AIM OF THE TASK: Please work out how many lines in the data below hold the word "contraTneq", and state only the number.

PROVIDED ENTRIES:
Lemma pinned_step (a a' : point d n) : (forall j, nzcol A j -> a j = x j) ->
  sol_rel S a a' -> forall j, nzcol A j -> a' j = x j.
Proof.
move=> a_x /and3P [_ a'S /adjacentP [c diff_c agree]] j nz_j.
case: (eqVneq j c) => [j_c|]; last by move=> ?; rewrite -agree ?a_x.
subst j; exfalso; have [|i move_i] := pinned_move nz_j (k := a' c).
  by rewrite -a_x // eq_sym.
have mxv_a : mxv A (coords a) i = mxv A (coords x) i.
  by apply: eq_mxv_nzcol => k /a_x; rewrite /coords => ->.
have mxv_a' : mxv A (coords a') i = mxv A (coords x) i + A i c * (coords a' c - coords a c).
  by rewrite -mxv_a; apply: mxv_agree_off => k /agree; rewrite /coords => ->.
have mxv_y : mxv A (coords y) i = mxv A (coords x) i + mxv A w i.
  by rewrite -mxvD; apply: eq_bigr => k _; rewrite coords_y.
move: a'S move_i; rewrite in_solset lt_min => /forallP /(_ i).
have a_c : coords a c = coords x c by rewrite /coords a_x.
rewrite /b mxE mxv_a' mxv_y a_c ge_min.
by case/orP => ? /andP [? ?]; lra.
Qed.

Lemma pinned_disconnectable : (exists2 j, nzcol A j & x j != y j) -> disconnectable A.
Proof.
case=> j nz_j xy_j; exists b => conn.
have xS : x \in S by rewrite in_solset; apply/forallP => i; rewrite mxE ge_min lexx.
have yS : y \in S by rewrite in_solset; apply/forallP => i; rewrite mxE ge_min lexx orbT.
have frozen p (a : point d n) : (forall j, nzcol A j -> a j = x j) ->
    path (sol_rel S) a p -> forall j, nzcol A j -> last a p j = x j.
  elim: p a => [//|a' p IH] a a_x /= /andP [step path_p].
  exact: IH (pinned_step a_x step) path_p.
case/connectP: (conn x y xS yS) => p path_p y_last.
by move: xy_j; rewrite y_last frozen ?eqxx.
Qed.

End Pinned.

Lemma direction_disconnectable A w : (0 < d)%N ->
  (forall c, Num.sg (w c) = w c) -> (exists c, w c != 0) ->
  (forall c, w c != 0 -> blocked A (mxv A w) (w c) c) ->
  (forall c, nzcol A c -> w c = 0 -> blocked A (mxv A w) 1 c || blocked A (mxv A w) (-1) c) ->
  disconnectable A.
Proof.
move=> d_gt0 sg_w [c0 wc0_neq0] blocked_w blocked_0.
(* Each coordinate of [x] sits at the end of [D] from which its blocked direction
   points inwards. *)
pose x : point d n := [ffun c => if 0 < w c then ord0 else if w c < 0 then ord_max
  else if blocked A (mxv A w) 1 c then ord0 else ord_max].
pose y : point d n := [ffun c => if 0 < w c then inord 1 else if w c < 0 then inord d.-1
  else x c].
have coords_y c : coords y c = coords x c + w c.
  rewrite /coords !ffunE; case: (ltrgtP (w c) 0) => [wc_lt0|wc_gt0|->]; last by rewrite addr0.
  - rewrite -sg_w ltr0_sg // inordK ?ltnS ?leq_pred //.
    by rewrite -subn1 natrB.
  - by rewrite -sg_w gtr0_sg // inordK ?add0r.
apply: (@pinned_disconnectable A x y w coords_y) => [c nz_c|].
  rewrite ffunE; case: (ltrgtP (w c) 0) => [wc_lt0|wc_gt0|wc0].
  - by right; rewrite -(ltr0_sg wc_lt0) sg_w; split; last exact/blocked_w/ltr0_neq0.
  - by left; rewrite -(gtr0_sg wc_gt0) sg_w; split; last exact/blocked_w/lt0r_neq0.
  - case: ifP => [blocked_up|/negbT blocked_not_up]; [by left|right; split => //].
    by move: (blocked_0 c nz_c wc0); rewrite (negbTE blocked_not_up).
exists c0; first exact: blocked_nzcol (blocked_w c0 wc0_neq0).
apply: contra_neq wc0_neq0 => xy_c0.
by have := coords_y c0; rewrite /coords xy_c0; lra.
Qed.

Definition zcol A c : 'M[R]_(m, n) := \matrix_(i, j) if j == c then 0 else A i j.

Lemma mxv_zcol A c u i : mxv (zcol A c) u i = mxv A u i - A i c * u c.
Proof.
rewrite /mxv (bigD1 c) //= [in RHS](bigD1 c) //= mxE eqxx mul0r add0r addrAC subrr add0r.
by apply: eq_bigr => j /negbTE j_c; rewrite mxE j_c.
Qed.

Definition upd c z (k : 'I_d.+1) : point d n := [ffun j => if j == c then k else z j].

Lemma connect_upd (S : {set point d n}) c z k :
  z \in S -> upd c z k \in S -> connect (sol_rel S) z (upd c z k).
Proof.
move=> zS uS; have [<-|z_upd] := eqVneq z (upd c z k); first exact: connect0.
apply: connect1; rewrite /sol_rel zS uS /=; apply/cards1P; exists c.
apply/setP => j; rewrite !inE ffunE; case: (eqVneq j c) => [->|_]; last by rewrite eqxx.
apply: contraNneq z_upd => z_c; apply/eqP/ffunP => i; rewrite ffunE.
by case: eqVneq => // ->.
Qed.

Lemma connected_retract (S S0 : {set point d n}) (f : point d n -> point d n) :
  S \subset S0 -> (forall z, z \in S0 -> f z \in S) ->
  (forall z, z \in S0 -> connect (sol_rel S0) z (f z)) ->
  graph_connected S -> graph_connected S0.
Proof.
move=> sub_S fS z_fz conn x y xS0 yS0.
have sub_conn : subrel (connect (sol_rel S)) (connect (sol_rel S0)).
  apply: connect_sub => a a' /and3P [aS a'S adj].
  by apply: connect1; rewrite /sol_rel !(subsetP sub_S) ?adj.
apply: connect_trans (z_fz x xS0) _.
apply: connect_trans (sub_conn _ _ (conn _ _ (fS x xS0) (fS y yS0))) _.
by rewrite (sym_connect_sym (@sol_rel_sym S0)) z_fz.
Qed.

Lemma disconnected_of_zcol A c b0 (k : 'I_d.+1) :
  (forall i, (forall j, j != c -> A i j = 0) \/
             (forall k' : 'I_d.+1, A i c * ((k' : nat)%:R - (k : nat)%:R) <= 0)) ->
  ~ graph_connected (solset d (zcol A c) b0) ->
  ~ graph_connected (solset d A (\col_i (b0 i 0 + A i c * (k : nat)%:R))).
Proof.
move=> rows disc conn; apply: disc.
have [S0_empty|[x0 x0S0]] := set_0Vmem (solset d (zcol A c) b0).
  by move=> x y; rewrite S0_empty inE.
have mxv_upd z i :
    mxv A (coords (upd c z k)) i = mxv (zcol A c) (coords z) i + A i c * (k : nat)%:R.
  rewrite mxv_zcol (@mxv_agree_off A (coords z) _ c) => [|j /negbTE j_c]; last first.
    by rewrite /coords ffunE j_c.
  rewrite /coords ffunE eqxx; ring.
have S_sub : solset d A (\col_i (b0 i 0 + A i c * (k : nat)%:R)) \subset solset d (zcol A c) b0.
  apply/subsetP => z; rewrite !in_solset => /forallP zS; apply/forallP => i.
  case: (rows i) => [pure_row|sign_c].
    have zero_row u : mxv (zcol A c) u i = 0.
      by apply: big1 => j _; rewrite mxE; case: eqVneq => [_|/pure_row ->]; rewrite mul0r.
    by move: x0S0; rewrite in_solset => /forallP /(_ i); rewrite !zero_row.
  have := zS i; have := sign_c (z c); rewrite mxE mxv_zcol /coords; nra.
have upd_S z : z \in solset d (zcol A c) b0 ->
    upd c z k \in solset d A (\col_i (b0 i 0 + A i c * (k : nat)%:R)).
  rewrite !in_solset => /forallP zS0; apply/forallP => i.
  by rewrite mxE mxv_upd lerD2r.
apply: (connected_retract S_sub upd_S) conn => z zS0.
exact: connect_upd zS0 (subsetP S_sub _ (upd_S z zS0)).
Qed.

Lemma disconnectable_of_zcol A c :
  can_elim A setT c -> disconnectable (zcol A c) -> disconnectable A.
Proof.
case=> _ elim_c [b0 disc]; case: elim_c => pure_rows.
- exists (\col_i (b0 i 0 + A i c * (@ord0 d : nat)%:R)).
  apply: disconnected_of_zcol disc => i; case: (ltrP 0 (A i c)) => [pos|nonpos].
    by left => j; apply: pure_rows pos j (in_setT j).
  by right => k'; rewrite subr0 mulr_le0_ge0.
- exists (\col_i (b0 i 0 + A i c * (@ord_max d : nat)%:R)).
  apply: disconnected_of_zcol disc => i; case: (ltrP (A i c) 0) => [neg|nonneg].
    by left => j; apply: pure_rows neg j (in_setT j).
  by right => k'; rewrite mulr_ge0_le0 // subr_le0 ler_nat -ltnS.
Qed.

Lemma can_elim_zcol A c (J0 J : {set 'I_n}) j :
  can_elim (zcol A c) J0 j -> J \subset J0 -> j \in J -> c \notin J -> can_elim A J j.
Proof.
move=> [_ elim_j] sub_J jJ cJ; split => //.
have zcolE i j' : j' \in J -> zcol A c i j' = A i j'.
  by move=> j'J; rewrite mxE; case: eqVneq j'J cJ => // -> ->.
case: elim_j => pure_rows; [left|right] => i sign_i j' j'J j'_j;
  by rewrite -zcolE //; apply: pure_rows; rewrite ?zcolE ?(subsetP sub_J).
Qed.

Lemma has_EO_zcol A c : can_elim A setT c -> has_EO (zcol A c) -> has_EO A.
Proof.
move=> elim_c [s0 [perm_s0 elim_s0]].
have c_s0 : c \in s0 by rewrite (perm_mem perm_s0) mem_enum.
move: perm_s0 elim_s0; case/splitPr: c_s0 => t1 t2 perm_s0 elim_s0.
have perm_s : perm_eq (c :: t1 ++ t2) (enum 'I_n).
  by apply: perm_trans perm_s0; rewrite -cat1s perm_catCA.
exists (c :: t1 ++ t2); split => // -[|c' s1] s2 j /= [<-].
  by move=> _; rewrite (_ : ~: _ = setT) //; apply/setP => i; rewrite !inE.
move=> eq_t; have j_notin : j \notin c :: s1.
  have := perm_uniq perm_s; rewrite enum_uniq eq_t -cat_cons cat_uniq.
  by case/and3P => _ /hasPn /(_ j (mem_head _ _)).
have elim_prefix (p1 p2 : seq 'I_n) : t1 ++ c :: t2 = p1 ++ j :: p2 -> {subset p1 <= c :: s1} ->
    can_elim A (~: [set x in c :: s1]) j.
  move=> eq_p sub_p; apply: can_elim_zcol (elim_s0 _ _ _ eq_p) _ _ _.
  - by apply/subsetP => x; rewrite !inE; apply: contra => /sub_p.
  - by rewrite in_setC in_set.
  - by rewrite in_setC in_set negbK mem_head.
case: (cat_eq_cat_cons eq_t) => -[u eq_1 eq_2].
  apply: (elim_prefix (t1 ++ c :: u) s2); first by rewrite eq_2 -catA.
  move=> x; rewrite eq_1 mem_cat !inE mem_cat.
  by case/orP => [->|/orP [->|->]]; rewrite ?orbT.
apply: (elim_prefix s1 (u ++ c :: t2)); first by rewrite eq_1 -catA.
by move=> x x_s1; rewrite inE x_s1 orbT.
Qed.

Lemma has_EO_nzcol0 A : (forall c, ~~ nzcol A c) -> has_EO A.
Proof.
move=> zero_cols; exists (enum 'I_n); split => // s1 s2 j eq_s; split.
  have := enum_uniq 'I_n; rewrite eq_s cat_uniq => /and3P [_ /hasPn /(_ j (mem_head _ _))].
  by rewrite !inE.
left => i; move/existsPn: (zero_cols j) => /(_ i); rewrite negbK => /eqP ->.
by rewrite ltxx.
Qed.

Lemma card_nzcol_zcol A c : nzcol A c ->
  (#|[set j | nzcol (zcol A c) j]| < #|[set j | nzcol A j]|)%N.
Proof.
move=> nz_c; apply: proper_card; apply/properP; split.
  apply/subsetP => j; rewrite !inE => /existsP [i]; rewrite mxE.
  by case: (eqVneq j c) => [_|_ nz_ij]; [rewrite eqxx | apply/existsP; exists i].
by exists c; rewrite !inE //; apply/existsPn => i; rewrite mxE eqxx negbK.
Qed.

Lemma not_can_elimT A c :
  ~ can_elim A setT c ->
  (exists i, 0 < A i c /\ exists2 j, j != c & A i j != 0) /\
  (exists i, A i c < 0 /\ exists2 j, j != c & A i j != 0).
Proof.
move=> not_elim; split; apply: NNPP => none; apply: not_elim; split; rewrite ?in_setT //.
  left=> i pos j _ j_c; apply/eqP; apply: contraT => nz_ij; case: none.
  by exists i; split => //; exists j.
right=> i neg j _ j_c; apply/eqP; apply: contraT => nz_ij; case: none.
by exists i; split => //; exists j.
Qed.

Lemma no_EO_disconnectable_of_stuck :
  (forall A, (exists c, nzcol A c) -> (forall c, nzcol A c -> ~ can_elim A setT c) ->
     disconnectable A) ->
  forall A, ~ has_EO A -> disconnectable A.
Proof.
move=> stuck_disc A; move: {2}#|_|.+1 (ltnSn #|[set j | nzcol A j]|) => N.
elim: N A => // N IH A lt_N noEO.
case: (classic (exists2 c, nzcol A c & can_elim A setT c)) => [[c nz_c elim_c]|not_elim].
  apply: (disconnectable_of_zcol elim_c) (IH _ _ _).
    by apply: leq_trans (card_nzcol_zcol nz_c) _; rewrite -ltnS.
  by move/(has_EO_zcol elim_c).
case: (boolP [exists c, nzcol A c]) => [/existsP nz|/existsPn zero_cols].
  by apply: (stuck_disc _ nz) => c nz_c elim_c; apply: not_elim; exists c.
by case: noEO; apply: has_EO_nzcol0.
Qed.

End Disconnection.

Lemma third_row (p q : 'I_3) : p != q ->
  exists t, [/\ t != p, t != q & forall r, r != p -> r != q -> r = t].
Proof.
move=> p_q; have: #|~: [set p; q]| == 1%N by rewrite cardsCs setCK cards2 p_q card_ord.
case/cards1P => t only_t; have: t \in ~: [set p; q] by rewrite only_t set11.
rewrite !inE negb_or => /andP [t_p t_q]; exists t; split => // r r_p r_q.
by apply/set1P; rewrite -only_t !inE negb_or r_p r_q.
Qed.

Lemma sign_majority (R : realDomainType) (f : 'I_3 -> R) :
  (forall i1 i2, i1 != i2 -> 0 <= f i1 \/ 0 <= f i2) \/
  (forall i1 i2, i1 != i2 -> f i1 <= 0 \/ f i2 <= 0).
Proof.
case: (classic (exists i1 i2, [/\ i1 != i2, f i1 < 0 & f i2 < 0])) => [|none]; last first.
  left => i1 i2 i1_i2; case: (lerP 0 (f i1)) => [|f1_lt0]; first by left.
  case: (lerP 0 (f i2)) => [|f2_lt0]; first by right.
  by case: none; exists i1, i2.
case=> i1 [i2 [i1_i2 f1_lt0 f2_lt0]]; right => j1 j2 j1_j2.
have [t [_ _ only_t]] := third_row i1_i2.
have f_le0 j : j != t -> f j <= 0.
  move=> j_t; case: (eqVneq j i1) => [->|j_i1]; first exact: ltW.
  case: (eqVneq j i2) => [->|j_i2]; first exact: ltW.
  by rewrite (only_t j j_i1 j_i2) eqxx in j_t.
case: (eqVneq j1 t) => [j1_t|j1_t]; last by left; apply: f_le0.
by right; apply: f_le0; rewrite -j1_t eq_sym.
Qed.

Section ThreeRows.
Variables (R : realType) (d n : nat).
Hypothesis d_gt0 : (0 < d)%N.
Implicit Types (A : 'M[R]_(3, n)) (w : 'I_n -> R).

Definition split_row A w i c c' := [/\ w c * A i c < 0, 0 < w c' * A i c' &
  forall e, e != c -> e != c' -> w e * A i e = 0].

Lemma mxv_split_row A w i c c' :
  split_row A w i c c' -> mxv A w i = w c * A i c + w c' * A i c'.
Proof.
case=> neg_c pos_c' off; have c'_c : c' != c by apply: contraTneq neg_c => <-; rewrite -leNgt ltW.
rewrite /mxv (bigD1 c) // (bigD1 c') //= big1 => [|e /andP [e_c' e_c]]; last first.
  by rewrite mulrC off.
by rewrite addr0 ![A i _ * _]mulrC.
Qed.

Lemma split_row_blocked A w i c c' : split_row A w i c c' -> blocked A (mxv A w) (w c) c.
Proof.
move=> split_i; have [neg_c pos_c' _] := split_i.
by apply/existsP; exists i; rewrite (mxv_split_row split_i); apply/andP; split; lra.
Qed.

Lemma split_row_blockedN A w i c c' :
  split_row A w i c c' -> blocked A (mxv A (fun e => - w e)) (- w c') c'.
Proof.
move=> split_i; have [neg_c pos_c' _] := split_i.
by apply/existsP; exists i; rewrite mxvN (mxv_split_row split_i); apply/andP; split; lra.
Qed.

Definition signed_cols A := forall c, nzcol A c -> (exists i, 0 < A i c) /\ (exists i, A i c < 0).

Lemma split_rows_disconnectable A w : signed_cols A ->
  (forall c, Num.sg (w c) = w c) -> (exists c, w c != 0) ->
  (forall c, w c != 0 ->
     (exists i c', split_row A w i c c') /\ (exists i c', split_row A w i c' c)) ->
  disconnectable d A.
Proof.
move=> signed sg_w [c0 wc0] splits.
have blocked_unmoved (v : 'I_3 -> R) : (forall i1 i2, i1 != i2 -> 0 <= v i1 \/ 0 <= v i2) ->
    forall c, nzcol A c -> blocked A v 1 c || blocked A v (-1) c.
  move=> v_ge0 c /signed [[i1 pos] [i2 neg]].
  have i1_i2 : i1 != i2 by apply: contraTneq pos => ->; rewrite -leNgt ltW.
  case: (v_ge0 _ _ i1_i2); first exact: blocked_of_nonneg (lt0r_neq0 pos).
  exact: blocked_of_nonneg (ltr0_neq0 neg).
case: (sign_majority (mxv A w)) => [nonneg|nonpos].
  apply: (direction_disconnectable d_gt0 sg_w) => [|c /splits [[i [c' split_i]] _]|c nz_c _].
  - by exists c0.
  - exact: split_row_blocked split_i.
  exact: blocked_unmoved.
apply: (direction_disconnectable (w := fun e => - w e) d_gt0) => [c|||c nz_c _].
- by rewrite sgrN sg_w.
- by exists c0; rewrite oppr_eq0.
- move=> c; rewrite oppr_eq0 => /splits [_ [i [c' split_i]]].
  exact: split_row_blockedN split_i.
by apply: blocked_unmoved nz_c => i1 i2 /nonpos; rewrite !mxvN !oppr_ge0.
Qed.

RESPONSE AREA: 2